Member of the Ghana Parliament for Ajumako-Asikuma
- In office 1954–1965
- Preceded by: Constituency split

Personal details
- Born: Anthony Seibu Alec Abban 4 June 1928 Gold Coast
- Died: 2 October 1985 (aged 57)
- Party: Convention People's Party; People's National Party;
- Education: Mfantsipim School; Wesley College, Kumasi;
- Profession: Teacher

= Anthony Seibu Alec Abban =

Ghanaian politician

Anthony Seibu Alec Abban was a Ghanaian teacher and politician. He was member of parliament in the first republic. He first served as a member of parliament for Ajumako-Asikuma electoral district from 1954 to 1965. In 1965 the constituency was split and he served as the member of parliament representing the Ajumako electoral area. He was also deputy minister in various portfolios in the first republic. In the third republic, he was a member of the People's National Party, the party that won the 1979 general election. Abban was a trained teacher. Prior to politics, he taught in various schools in the then Gold Coast.
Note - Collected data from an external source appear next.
Lemma owns_adjacent e u v w : e \in H -> u \in e -> v \in e -> w \in e ->
  u != v -> v != w -> u != w -> owns e u v || owns e v w.
Proof.
move=> eH ue ve we uv vw uw; apply/norP.
case=> /forall_inPn[f fH]; rewrite negb_imply => /andP[/andP[uf vf] fe].
case/forall_inPn=> g gH; rewrite negb_imply => /andP[/andP[vg wg] ge].
apply: Hfree; exists u, v, w, f, g, e; split; rewrite ?uf ?vf ?vg ?wg ?ue ?we //.
split=> //; apply: contraNneq fe => fg; subst g.
by rewrite (card3_set3 (H3 fH) uf vf wg) // -(card3_set3 (H3 eH) ue ve we).
Qed.

Definition isolated e := [forall u in e, forall v in e, (u != v) ==> owns e u v].

(* In an edge owning all three of its pairs, only the two pairs through the
   apex [pick z in e] are kept, as the three pairs would form a triangle. *)
Definition good e u v := [&& u != v, u \in e, v \in e, owns e u v &
  isolated e ==> ([pick z in e] == Some u) || ([pick z in e] == Some v)].

Lemma goodC e u v : good e u v = good e v u.
Proof.
rewrite /good eq_sym ownsC orbC.
by case: (u \in e); case: (v \in e); rewrite ?andbF.
Qed.
(* A subset of R is an interval iff it is convex (order-convex);
   this includes the empty set, singletons, and unbounded intervals. *)
Definition is_interval (S : R -> Prop) : Prop :=
  forall x y z : R, S x -> S z -> x <= y <= z -> S y.

Definition image (F : R -> R) (S : R -> Prop) : R -> Prop :=
  fun y => exists x : R, S x /\ F x = y.

Definition Darboux (F : R -> R) : Prop :=
  forall S : R -> Prop, is_interval S -> is_interval (image F S).

Definition continuity_points (F : R -> R) : R -> Prop :=
  fun x => continuity_pt F x.

Definition countable_set (A : R -> Prop) : Prop :=
  exists f : R -> nat, forall x y : R, A x -> A y -> f x = f y -> x = y.

Definition uncountable_set (A : R -> Prop) : Prop := ~ countable_set A.

Definition constant_fun (g : R -> R) : Prop := forall x y : R, g x = g y.

From Stdlib Require Import Reals Lra Lia ZArith Classical ClassicalEpsilon List Cantor.
Open Scope R_scope.

(* Every interval containing uncountably many continuity points of F contains two disjoint
   closed subintervals with the same property on which F oscillates as little as we like:
   small balls around two condensation points of the continuity points.  Iterating gives a
   Cantor scheme whose Cantor set K consists of continuity points of F.  The associated Cantor
   function g is continuous, rises from 0 to 1, and is locally constant off K.  So F + g is
   continuous at every point of K and near every other point is a vertical translate of F,
   hence has the intermediate value property locally; a supremum argument turns this local
   property into the global one. *)

Lemma countable_subset (A B : R -> Prop) :
  (forall x, A x -> B x) -> countable_set B -> countable_set A.
Proof. intros HAB [f Hf]. exists f. intros x y Ax Ay. apply Hf; auto. Qed.
(* Let $G$ be a permutation group, $K$ a smooth $G$-field and $n>0$ an integer. Put $k:=K^G$ and $\mu_n:=\{z\in K^\times:z^n=1\}$. Then there is a natural exact sequence $$H^1_{\mathrm{cont}}(G,\mu_n)\to{}_n\mathrm{Pic}_K(G)\to(K^\times/K^{\times n})^G/k^\times\to H^2_{\mathrm{cont}}(G,\mu_n).$$ Moreover, if $G$ has no proper open subgroups of finite index, then every invertible object $\mathcal L$ of $\mathrm{Sm}_K(G)$ of order $n$ in $\mathrm{Pic}_K(G)$ is contained in a $G$-field $K(a^{1/n})$ for some $a$ whose class in $K^\times/K^{\times n}$ is $G$-invariant.
   Context: A permutation group is a Hausdorff topological group admitting a base of open sets consisting of left and right translates of subgroups. A smooth $G$-field is a field with a $G$-action by automorphisms with open stabilizers of all elements. $\mathrm{Sm}_K(G)$ is the category of smooth left modules over the skew group ring $K\langle G\rangle$ ($(a[g])(b[h])=ab^g[gh]$), a tensor category under $\otimes_K$ with unit $K$. An object is invertible if it is one-dimensional over $K$; $\mathrm{Pic}_K(G)$ is the group of isomorphism classes of invertible objects under $\otimes_K$ (equal to $H^1_{\mathrm{cont}}(G,K^\times)$), and ${}_n\mathrm{Pic}_K(G)$ its $n$-torsion subgroup. $H^i_{\mathrm{cont}}$ is continuous cohomology with discrete coefficients; $\mu_n$ carries the restricted $G$-action. $k^\times$ maps to $(K^\times/K^{\times n})^G$ via inclusion. ''$\mathcal L$ is contained in $K(a^{1/n})$'' means $\mathcal L$ embeds $G$-equivariantly as a $K$-subspace of a $G$-field extension $K(a^{1/n})$. *)

From HB Require Import structures.
From Stdlib Require List.
From mathcomp Require Import all_boot all_algebra.
Set Implicit Arguments. Unset Strict Implicit. Unset Printing Implicit Defensive.
Import GRing.Theory.
Local Open Scope ring_scope.

Record permGroup := PermGroup {
  pg_sort :> Type;
  pg_mul : pg_sort -> pg_sort -> pg_sort;
  pg_one : pg_sort;
  pg_inv : pg_sort -> pg_sort;
  pg_mulA : forall x y z, pg_mul x (pg_mul y z) = pg_mul (pg_mul x y) z;
  pg_mul1 : forall x, pg_mul pg_one x = x;
  pg_mulV : forall x, pg_mul (pg_inv x) x = pg_one;
  pg_open : (pg_sort -> Prop) -> Prop;
  pg_open_setT : pg_open (fun _ => True);
  pg_open_union : forall (I : Type) (F : I -> pg_sort -> Prop),
    (forall i, pg_open (F i)) -> pg_open (fun x => exists i, F i x);
  pg_open_inter : forall U V, pg_open U -> pg_open V ->
    pg_open (fun x => U x /\ V x);
  pg_mul_cont : forall W x y, pg_open W -> W (pg_mul x y) ->
    exists U V, [/\ pg_open U, pg_open V, U x, V y &
                    forall u v, U u -> V v -> W (pg_mul u v)];
  pg_inv_cont : forall W x, pg_open W -> W (pg_inv x) ->
    exists U, [/\ pg_open U, U x & forall u, U u -> W (pg_inv u)];
  pg_hausdorff : forall x y, x <> y ->
    exists U V, [/\ pg_open U, pg_open V, U x, V y &
                    forall z, ~ (U z /\ V z)];
  pg_base : forall W x, pg_open W -> W x ->
    exists (H : pg_sort -> Prop) (y : pg_sort),
      [/\ H pg_one, (forall a b, H a -> H b -> H (pg_mul a b)),
          (forall a, H a -> H (pg_inv a)) &
          (let L := fun z => exists h, H h /\ z = pg_mul y h in
           let R := fun z => exists h, H h /\ z = pg_mul h y in
           (pg_open L /\ L x /\ forall z, L z -> W z) \/
           (pg_open R /\ R x /\ forall z, R z -> W z))]
}.

Arguments pg_mul {p}.
Arguments pg_one {p}.
Arguments pg_inv {p}.
Arguments pg_open {p}.

Definition is_subgroup (G : permGroup) (H : G -> Prop) :=
  [/\ H pg_one, (forall a b, H a -> H b -> H (pg_mul a b)) &
      (forall a, H a -> H (pg_inv a))].

Definition finite_index (G : permGroup) (H : G -> Prop) :=
  exists l : list G, forall g : G, exists r, List.In r l /\ H (pg_mul (pg_inv r) g).

Definition no_proper_open_finite_index (G : permGroup) :=
  forall H : G -> Prop, is_subgroup H -> pg_open H -> finite_index H ->
    forall g, H g.

(* (g (h x) = (gh) x, matching (a[g])(b[h]) = a b^g [gh].)                  *)
(* Bijectivity of each act g follows from the action axioms.                *)
Record GField (G : permGroup) := GFieldPack {
  gf_sort :> fieldType;
  gf_act : G -> gf_sort -> gf_sort;
  gf_actD : forall g x y, gf_act g (x + y) = gf_act g x + gf_act g y;
  gf_actM : forall g x y, gf_act g (x * y) = gf_act g x * gf_act g y;
  gf_act1r : forall g, gf_act g 1 = 1;
  gf_act1 : forall x, gf_act pg_one x = x;
  gf_actMg : forall g h x, gf_act (pg_mul g h) x = gf_act g (gf_act h x)
}.
Arguments gf_act {G}.

Definition smoothGF (G : permGroup) (K : GField G) :=
  forall x : K, pg_open (fun g => gf_act K g x = x).

Section Cohomology.
Variables (G : permGroup) (K : GField G) (n : nat).
Local Notation act := (gf_act K).
Local Notation mul := (@pg_mul G).

(* continuity into a discrete space = local constancy *)
Definition loc_const1 (T : Type) (f : G -> T) :=
  forall g, exists U, [/\ pg_open U, U g & forall u, U u -> f u = f g].
Definition loc_const2 (T : Type) (f : G -> G -> T) :=
  forall g h, exists U V, [/\ pg_open U, pg_open V, U g, V h &
                             forall u v, U u -> V v -> f u v = f g h].

Definition unitsK : K -> Prop := fun x => x != 0.
Definition mu_n : K -> Prop := fun x => x ^+ n = 1.

Definition cocycle1 (P : K -> Prop) (c : G -> K) :=
  [/\ loc_const1 c, (forall g, P (c g)) &
      forall g h, c (mul g h) = c g * act g (c h)].
Definition cohom1 (P : K -> Prop) (c c' : G -> K) :=
  exists b, P b /\ forall g, c' g = c g * (act g b / b).
Definition cobound1 (P : K -> Prop) (c : G -> K) := cohom1 P (fun _ => 1) c.

Definition cocycle2 (P : K -> Prop) (z : G -> G -> K) :=
  [/\ loc_const2 z, (forall g h, P (z g h)) &
      forall g h l, act g (z h l) * z g (mul h l) = z (mul g h) l * z g h].
Definition cohom2 (P : K -> Prop) (z z' : G -> G -> K) :=
  exists e : G -> K, [/\ loc_const1 e, (forall g, P (e g)) &
     forall g h, z' g h = z g h * (e g * act g (e h) / e (mul g h))].
Definition cobound2 (P : K -> Prop) (z : G -> G -> K) :=
  cohom2 P (fun _ _ => 1) z.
==Early life and education==
Abban was born on 4 June 1928. He had his early education at the Ajumako Methodist School. He continued at Mfantsipim School where he passed his London Matriculation Examination in 1948. He went on to Wesley College, Kumasi where he obtained his Teacher's Certificate 'A'.

==Career and politics==
Prior to politics Abban taught in schools at Winneba and Odoben all in the Central Region of Ghana. In 1954 Abban was elected as a member of the Legislative Assembly for Ajumako-Asikuma. While in parliament he served as deputy minister for various ministries, some of which include the Ministry of Industry, and the Ministry of Agriculture. In 1965 he became a member of parliament for Ajumako when his constituency was split. He served in this capacity until 1966 when the Nkrumah government was overthrow.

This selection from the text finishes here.